Are there any direct flights or via Bangkok? Looking back not many advantages to living in Phuket where I was a few years ago - but having (limited) direct international flights was one of them.

and . .welcome.


----------



## stednick (Oct 16, 2011)

knapdale said:


> Hi I am a brand new member , I have been coming to Thailand of and on since the turn of the century but more recently over the last three years I have settled in Chiangmai as I was working in Singapore so was only a short flight to CNX which I now consider to be my home, my contract finished in April this year and I have been here ever since living an amazing expat life style I love it here so much that I have stopped looking for another contract since I have a new portable business that I can take with us even if we go to Scotland for six months or indeed any where else in the world I have visited many other parts of Thailand and much as I love the ocean's of the world I love the mountains of Chiangmai and I have an excellent view of Doi Suthep from my balcony.


knapdale:

Welcome aboard. Chiangmai's a favorite of mine as is Doi Suthep. 
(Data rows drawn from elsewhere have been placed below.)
(* Let $\mathcal S$ be a finite subset of the unit sphere $\mathbb S^{n-1}\subset\mathbb R^n$ such that $\mathrm{Span}_{\mathbb R}\mathcal S=\mathbb R^n$ and $-v\in\mathcal S$ whenever $v\in\mathcal S$. Then there exist a basis $\mathcal B$ of $\mathbb R^n$ contained in $\mathcal S$ and linear maps $F:\mathbb R^n\to\mathbb R^n$ arbitrarily close to the identity such that for all $v\in\mathcal S$: $|Fv|=|v|$ if $v\in\mathcal B$ or $-v\in\mathcal B$, and $|Fv|>|v|$ otherwise.
   Context: $|\cdot|$ is the euclidean norm on $\mathbb R^n$. *)

(* R^n is modelled as row vectors 'rV[R]_n over an
   arbitrary real closed field R (the statement is first-order, so this is
   a generalization of the real case by Tarski transfer). *)
From HB Require Import structures.
From mathcomp Require Import all_boot all_order all_algebra.
Set Implicit Arguments. Unset Strict Implicit. Unset Printing Implicit Defensive.
Import Order.TTheory GRing.Theory Num.Theory.
Local Open Scope ring_scope.

Definition enorm (R : rcfType) (n : nat) (v : 'rV[R]_n) : R :=
  Num.sqrt (\sum_(i < n) (v 0 i) ^+ 2).

From HB Require Import structures.
From mathcomp Require Import all_boot all_order all_algebra.
Set Implicit Arguments. Unset Strict Implicit. Unset Printing Implicit Defensive.
Import Order.TTheory GRing.Theory Num.Theory.
Local Open Scope ring_scope.

(* Write vectors as rows and let M be a matrix whose rows
   b_1, ..., b_n are taken from S, chosen with |det M| minimal among all
   nonzero determinants of such matrices.  Replacing b_k by v in S multiplies
   det M by the k-th coordinate c_k of v in the basis (b_k), so every nonzero
   coordinate satisfies |c_k| >= 1; hence |c|^2 > 1 for every unit v in S
   which is not +-b_k.
   Let z_k = b'_k - b_k, where b'_1, ..., b'_n is the dual basis (the rows
   of M^-T).  Since b_k . b'_k = 1 = b_k . b_k, z_k is orthogonal to b_k, so
   the normalised tilted vectors w_k = (b_k + s z_k) / |b_k + s z_k| are unit
   vectors.  The linear map F_s sending b_k to w_k fixes the norms of the
   +-b_k, and for v = c M we get |v F_s|^2 = 1 + 2 s (|c|^2 - 1) + O(s^2) > 1
   when s > 0 is small, while F_s tends to the identity as s -> 0.
   The file develops the inner product, the "for all small enough s" filter,
   the minimal frame, the deformation F_s, and finally the theorem. *)

Section InnerProduct.
Variables (R : rcfType) (n : nat).
Implicit Types x y z v : 'rV[R]_n.

Definition dot x y : R := (x *m y^T) 0 0.

Lemma dotE x y : dot x y = \sum_l x 0 l * y 0 l.
Proof. by rewrite /dot mxE; apply: eq_bigr => l _; rewrite mxE. Qed.

Lemma dotC x y : dot x y = dot y x.
Proof. by rewrite !dotE; apply: eq_bigr => l _; rewrite mulrC. Qed.

Lemma dotDr x y z : dot x (y + z) = dot x y + dot x z.
Proof. by rewrite !dotE -big_split; apply: eq_bigr => l _; rewrite mxE mulrDr. Qed.

Lemma dotZr a x y : dot x (a *: y) = a * dot x y.
Proof. by rewrite !dotE mulr_sumr; apply: eq_bigr => l _; rewrite mxE mulrCA. Qed.

Lemma dotDl x y z : dot (y + z) x = dot y x + dot z x.
Proof. by rewrite dotC dotDr !(dotC x). Qed.

Lemma dotZl a x y : dot (a *: y) x = a * dot y x.
Proof. by rewrite dotC dotZr dotC. Qed.

Lemma dotNN x : dot (- x) (- x) = dot x x.
Proof. by rewrite -scaleN1r dotZl dotZr mulN1r mulNr opprK mul1r. Qed.

Lemma dot_ge0 x : 0 <= dot x x.
Proof. by rewrite dotE; apply: sumr_ge0 => l _; rewrite -expr2 sqr_ge0. Qed.

Lemma enormE x : enorm x = Num.sqrt (dot x x).
Proof. by rewrite /enorm dotE; congr Num.sqrt; apply: eq_bigr => l _; rewrite expr2. Qed.

Lemma unit_dot v : enorm v = 1 -> dot v v = 1.
Proof. by rewrite enormE => h; rewrite -(sqr_sqrtr (dot_ge0 v)) h expr1n. Qed.

Lemma dot_mulmx m v (u : 'rV[R]_m) (A : 'M[R]_(m, n)) :
  dot v (u *m A) = \sum_k u 0 k * dot v (row k A).
Proof.
rewrite dotE; under eq_bigr => l _ do rewrite mxE big_distrr /=.
rewrite exchange_big /=; apply: eq_bigr => k _.
by rewrite dotE big_distrr /=; apply: eq_bigr => l _; rewrite !mxE mulrCA.
Qed.

Lemma dot_rows m p (A : 'M[R]_(m, n)) (B : 'M[R]_(p, n)) i j :
  dot (row i A) (row j B) = (A *m B^T) i j.
Proof. by rewrite dotE mxE; apply: eq_bigr => l _; rewrite !mxE. Qed.

End InnerProduct.

Section SmallParameters.
Variable R : realFieldType.

Definition small_enough (P : R -> Prop) : Prop :=
  exists2 d, 0 < d & forall s, 0 < s -> s < d -> P s.

Lemma small_enough_and (P Q : R -> Prop) :
  small_enough P -> small_enough Q -> small_enough (fun s => P s /\ Q s).
Proof.
move=> [d1 d10 H1] [d2 d20 H2]; exists (Num.min d1 d2); first by rewrite lt_min d10.
by move=> s s0; rewrite lt_min => /andP[s1 s2]; split; [apply: H1 | apply: H2].
Qed.

Lemma small_enough_all (T : eqType) (r : seq T) (P : T -> R -> Prop) :
  (forall x, x \in r -> small_enough (P x)) ->
  small_enough (fun s => forall x, x \in r -> P x s).
Proof.
elim: r => [|a r IHr] H; first by exists 1 => // s _ _ x; rewrite in_nil.
have [d d0 Hd] := small_enough_and (H a (mem_head _ _))
  (IHr (fun x xr => H x (@mem_behead _ (a :: r) x xr))).
exists d => // s s0 sd x; rewrite in_cons => /orP[/eqP -> | xr].
  by have [] := Hd s s0 sd.
by have [_ ] := Hd s s0 sd; apply.
Qed.

Lemma small_enough_witness (P : R -> Prop) : small_enough P -> exists s, P s.
Proof.
move=> [d d0 Hd]; have [h0 hd] := midf_lt d0; rewrite add0r in h0 hd.
by exists (d / 2); apply: Hd.
Qed.

End SmallParameters.

Section MinimalFrame.
Variables (R : rcfType) (n : nat) (S : seq 'rV[R]_n).

Definition rows (M : 'M[R]_n) : seq 'rV[R]_n := [seq row i M | i <- enum 'I_n].

Lemma rows_basis M : M \in unitmx -> basis_of fullv (rows M).
Proof.
move=> uM; rewrite basisEdim; apply/andP; split.
  apply/subvP => x _; rewrite -(mulmxKV uM x) mulmx_sum_row.
  by apply: memv_suml => i _; apply/memvZ/memv_span/map_f; rewrite mem_enum.
by rewrite size_map size_enum_ord dimvf (dim_matrix R 1 n) mul1r.
Qed.

Definition frame (g : 'I_n -> 'I_(size S)) : 'M[R]_n := \matrix_(i, j) S`_(g i) 0 j.

Lemma row_frame g i : row i (frame g) = S`_(g i).
Proof. by apply/rowP => j; rewrite !mxE. Qed.

Lemma exists_invertible_frame : <<S>>%VS = fullv ->
  exists g : {ffun 'I_n -> 'I_(size S)}, \det (frame g) != 0.
Proof.
move=> hspan; pose Sm : 'M[R]_(size S, n) := \matrix_(i, j) S`_i 0 j.
have rf : row_full Sm.
  rewrite -sub1mx; apply/row_subP => i.
  have : row i (1%:M : 'M[R]_n) \in <<in_tuple S>>%VS by rewrite /= hspan memvf.
  move/coord_span => ->; set c := coord _.
  have -> : \sum_k c k (row i 1%:M) *: (in_tuple S)`_k = (\row_k c k (row i 1%:M)) *m Sm.
    rewrite mulmx_sum_row; apply: eq_bigr => k _; rewrite mxE; congr (_ *: _).
    by apply/rowP => j; rewrite !mxE.
  by rewrite submxMl.
exists (fullrankfun rf); have := fullrowsub_unit rf; rewrite unitmxE unitfE.
by congr (_ != 0); congr (\det _); apply/matrixP => i j; rewrite !mxE.
Qed.

Lemma det_replace_row (M : 'M[R]_n) k (v : 'rV[R]_n) : M \in unitmx ->
  \det (\matrix_(i, j) if i == k then v 0 j else M i j) = (v *m invmx M) 0 k * \det M.
Proof.
move=> uM; rewrite (expand_det_row _ k) /invmx uM -scalemxAr mxE mulrAC mulVf ?mul1r;
  last by rewrite -unitfE -unitmxE.
rewrite mxE; apply: eq_bigr => j _; rewrite mxE eqxx mxE; congr (_ * _).
rewrite /cofactor; congr (_ * _); congr (\det _); apply/matrixP => a b.
by rewrite !mxE eq_sym (negbTE (neq_lift _ _)).
Qed.

(* A frame of minimal nonzero |det|: every vector of S has coordinates of
   absolute value 0 or at least 1 in the basis of its rows. *)
Lemma exists_minimal_frame : <<S>>%VS = fullv ->
  exists M : 'M[R]_n, [/\ M \in unitmx, forall k, row k M \in S &
    forall v, v \in S -> forall k, (v *m invmx M) 0 k != 0 -> 1 <= `|(v *m invmx M) 0 k|].
Proof.
move=> /exists_invertible_frame [g0 Hg0].
have [g Hg Hmin] := @arg_minP _ _ _ g0 (fun h => \det (frame h) != 0)
  (fun h => `|\det (frame h)|) Hg0.
have uM : frame g \in unitmx by rewrite unitmxE unitfE.
exists (frame g); split => // [k | v vS k ck]; first by rewrite row_frame mem_nth.
have vS' : (index v S < size S)%N by rewrite index_mem.
pose h : {ffun 'I_n -> 'I_(size S)} := [ffun i => if i == k then Ordinal vS' else g i].
have hdet : \det (frame h) = (v *m invmx (frame g)) 0 k * \det (frame g).
  rewrite -det_replace_row //; congr (\det _); apply/matrixP => i j; rewrite !mxE ffunE.
  by case: (i == k); rewrite //= nth_index.
have := Hmin h; rewrite hdet mulf_neq0 // => /(_ isT).
by rewrite normrM ler_pMl // normr_gt0.
Qed.

(* A unit vector v = c M which is not +-(a row of M), and whose nonzero
   coordinates all have absolute value >= 1, has |c| > 1: otherwise c has a
   single nonzero coordinate, equal to +-1. *)
Lemma coord_norm_gt1 (M : 'M[R]_n) (c : 'rV[R]_n) :
  (forall k, c 0 k != 0 -> 1 <= `|c 0 k|) -> dot (c *m M) (c *m M) = 1 ->
  (forall k, c *m M != row k M /\ c *m M != - row k M) -> 1 < dot c c.
Proof.
move=> hc hv hnot; rewrite ltNge; apply/negP => hle.
have [k hk] : exists k, c 0 k != 0.
  have [k0 hk0|h0] := pickP (fun k : 'I_n => c 0 k != 0); first by exists k0.
  have c0 : c = 0 by apply/rowP => k; rewrite mxE; move/negbFE/eqP: (h0 k).
  move: hv; rewrite c0 mul0mx dotE big1 => [/esym/eqP|l _]; last by rewrite mxE mul0r.
  by rewrite oner_eq0.
have hk1 : 1 <= c 0 k ^+ 2 by rewrite -(real_normK (num_real _)) expr_ge1 // hc.
have hsplit := dotE c c; rewrite (bigD1 k) //= -expr2 in hsplit.
have hsq_ge0 i : 0 <= c 0 i * c 0 i by rewrite -expr2 sqr_ge0.
have hrest0 : \sum_(i | i != k) c 0 i * c 0 i = 0.
  apply/le_anti/andP; split; last exact: sumr_ge0.
  by rewrite -(lerD2l (c 0 k ^+ 2)) addr0 -hsplit (le_trans hle).
have ci0 i : i != k -> c 0 i = 0.
  move=> ik; have /eqP := psumr_eq0P (fun j _ => hsq_ge0 j) hrest0 ik.
  by rewrite mulf_eq0 orbb => /eqP.
have /eqP : c 0 k ^+ 2 = 1.
  by apply/le_anti; rewrite hk1 (le_trans _ hle) // hsplit hrest0 addr0.
have hcM : c *m M = c 0 k *: row k M.
  by rewrite mulmx_sum_row (bigD1 k) //= big1 ?addr0 // => i /ci0 ->; rewrite scale0r.
have [h1 h2] := hnot k; rewrite sqrf_eq1 => /orP[] /eqP hck.
  by move: h1; rewrite hcM hck scale1r eqxx.
by move: h2; rewrite hcM hck scaleN1r eqxx.
Qed.

End MinimalFrame.

Lemma inv_sqrt1D_dist (R : rcfType) (x : R) : 0 <= x -> `|(Num.sqrt (1 + x))^-1 - 1| <= x.
Proof.
move=> x0; set r := Num.sqrt (1 + x).
have r1 : 1 <= r by rewrite /r -{1}sqrtr1 ler_sqrt ?lerDl // addr_ge0.
have r0 : 0 < r := lt_le_trans ltr01 r1.
have -> : `|r^-1 - 1| = (r - 1) * r^-1.
  by rewrite distrC ger0_norm ?subr_ge0 ?invf_le1 // mulrBl mul1r divff // gt_eqF.
apply: (le_trans (y := r - 1)); first by rewrite ler_piMr ?subr_ge0 ?invf_le1.
have r2 : r ^+ 2 = 1 + x by rewrite sqr_sqrtr // addr_ge0.
by rewrite lerBlDl -r2 expr2 ler_peMl // ltW.
Qed.

Lemma tilt_entry_dist (R : realFieldType) (d a z s q : R) : 0 < s -> s <= 1 -> 0 <= q ->
  `|d - 1| <= s ^+ 2 * q -> `|d * (a + s * z) - a| <= s * (`|z| + q * (`|a| + `|z|)).
Proof.
move=> s0 s1 q0 hd.
have haz : `|a + s * z| <= `|a| + `|z|.
  by rewrite (le_trans (ler_normD _ _)) // lerD2l normrM gtr0_norm // ler_piMl.
have -> : d * (a + s * z) - a = s * z + (d - 1) * (a + s * z).
  by rewrite mulrBl mul1r addrCA opprD [s * z + _]addrCA subrr addr0.
rewrite (le_trans (ler_normD _ _)) // [in X in _ <= X]mulrDr; apply: lerD.
  by rewrite normrM gtr0_norm.
rewrite normrM (le_trans (ler_pM (normr_ge0 _) (normr_ge0 _) hd haz)) // -mulrA.
rewrite ler_wpM2r ?mulr_ge0 ?addr_ge0 // expr2 ler_piMl //; exact: ltW.
Qed.

Section Deformation.
Variables (R : rcfType) (n : nat) (M : 'M[R]_n).
Hypothesis uM : M \in unitmx.
Hypothesis unit_rows : forall k, dot (row k M) (row k M) = 1.
Implicit Types (v : 'rV[R]_n) (s : R).

(* Row k is z_k = b'_k - b_k, the k-th dual basis vector minus the k-th row. *)
Definition defect : 'M[R]_n := (invmx M)^T - M.

Definition defect_sq k : R := dot (row k defect) (row k defect).

Definition tilt (s : R) : 'M[R]_n := M + s *: defect.

(* The factor 1 / |b_k + s z_k| (see norm_row_tilted_frame). *)
Definition renorm (s : R) k : R := (Num.sqrt (1 + s ^+ 2 * defect_sq k))^-1.

Definition tilted_frame (s : R) : 'M[R]_n := diag_mx (\row_k renorm s k) *m tilt s.

Definition deform (s : R) : 'M[R]_n := invmx M *m tilted_frame s.

Lemma defect_sq_ge0 k : 0 <= defect_sq k.
Proof. exact: dot_ge0. Qed.

Lemma row_tilt s k : row k (tilt s) = row k M + s *: row k defect.
Proof. by apply/rowP => j; rewrite !mxE. Qed.

Lemma row_tilted_frame s k : row k (tilted_frame s) = renorm s k *: row k (tilt s).
Proof. by apply/rowP => j; rewrite /tilted_frame mul_diag_mx !mxE. Qed.

Lemma row_deform s k : row k M *m deform s = row k (tilted_frame s).
Proof. by rewrite /deform -row_mul mulmxA mulmxV // mul1mx. Qed.

Lemma trmx_defect : defect^T = invmx M - M^T.
Proof. by rewrite /defect raddfB /= trmxK. Qed.

(* z_k is orthogonal to b_k, as b_k . b'_k = 1 = b_k . b_k. *)
Lemma dot_row_defect k : dot (row k M) (row k defect) = 0.
Proof.
rewrite dot_rows trmx_defect mulmxBr mulmxV // mxE [(- (_ : 'M_n)) k k]mxE.
by rewrite -dot_rows unit_rows mxE eqxx subrr.
Qed.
I hope you will be a regular poster. Chiangmai is a frequent topic and your experiences will be a valuable addition to this forum.

Good luck.


----------



## knapdale (Sep 23, 2013)

Hi Song Si 
Thanks for the welcome 
There are some international flights from CNX ,Singapore , Hong Kong , etc but flying to the U K is through Bangkok , you can check in at CNX all the way to Glasgow in Scotland it is an excellent service , I am a loyal Thai airways , and Emirates flyer I find there service hard to beat for the sake of saving a few pennies


----------



## knapdale (Sep 23, 2013)

Hi Stednick 

Thanks for the welcome


----------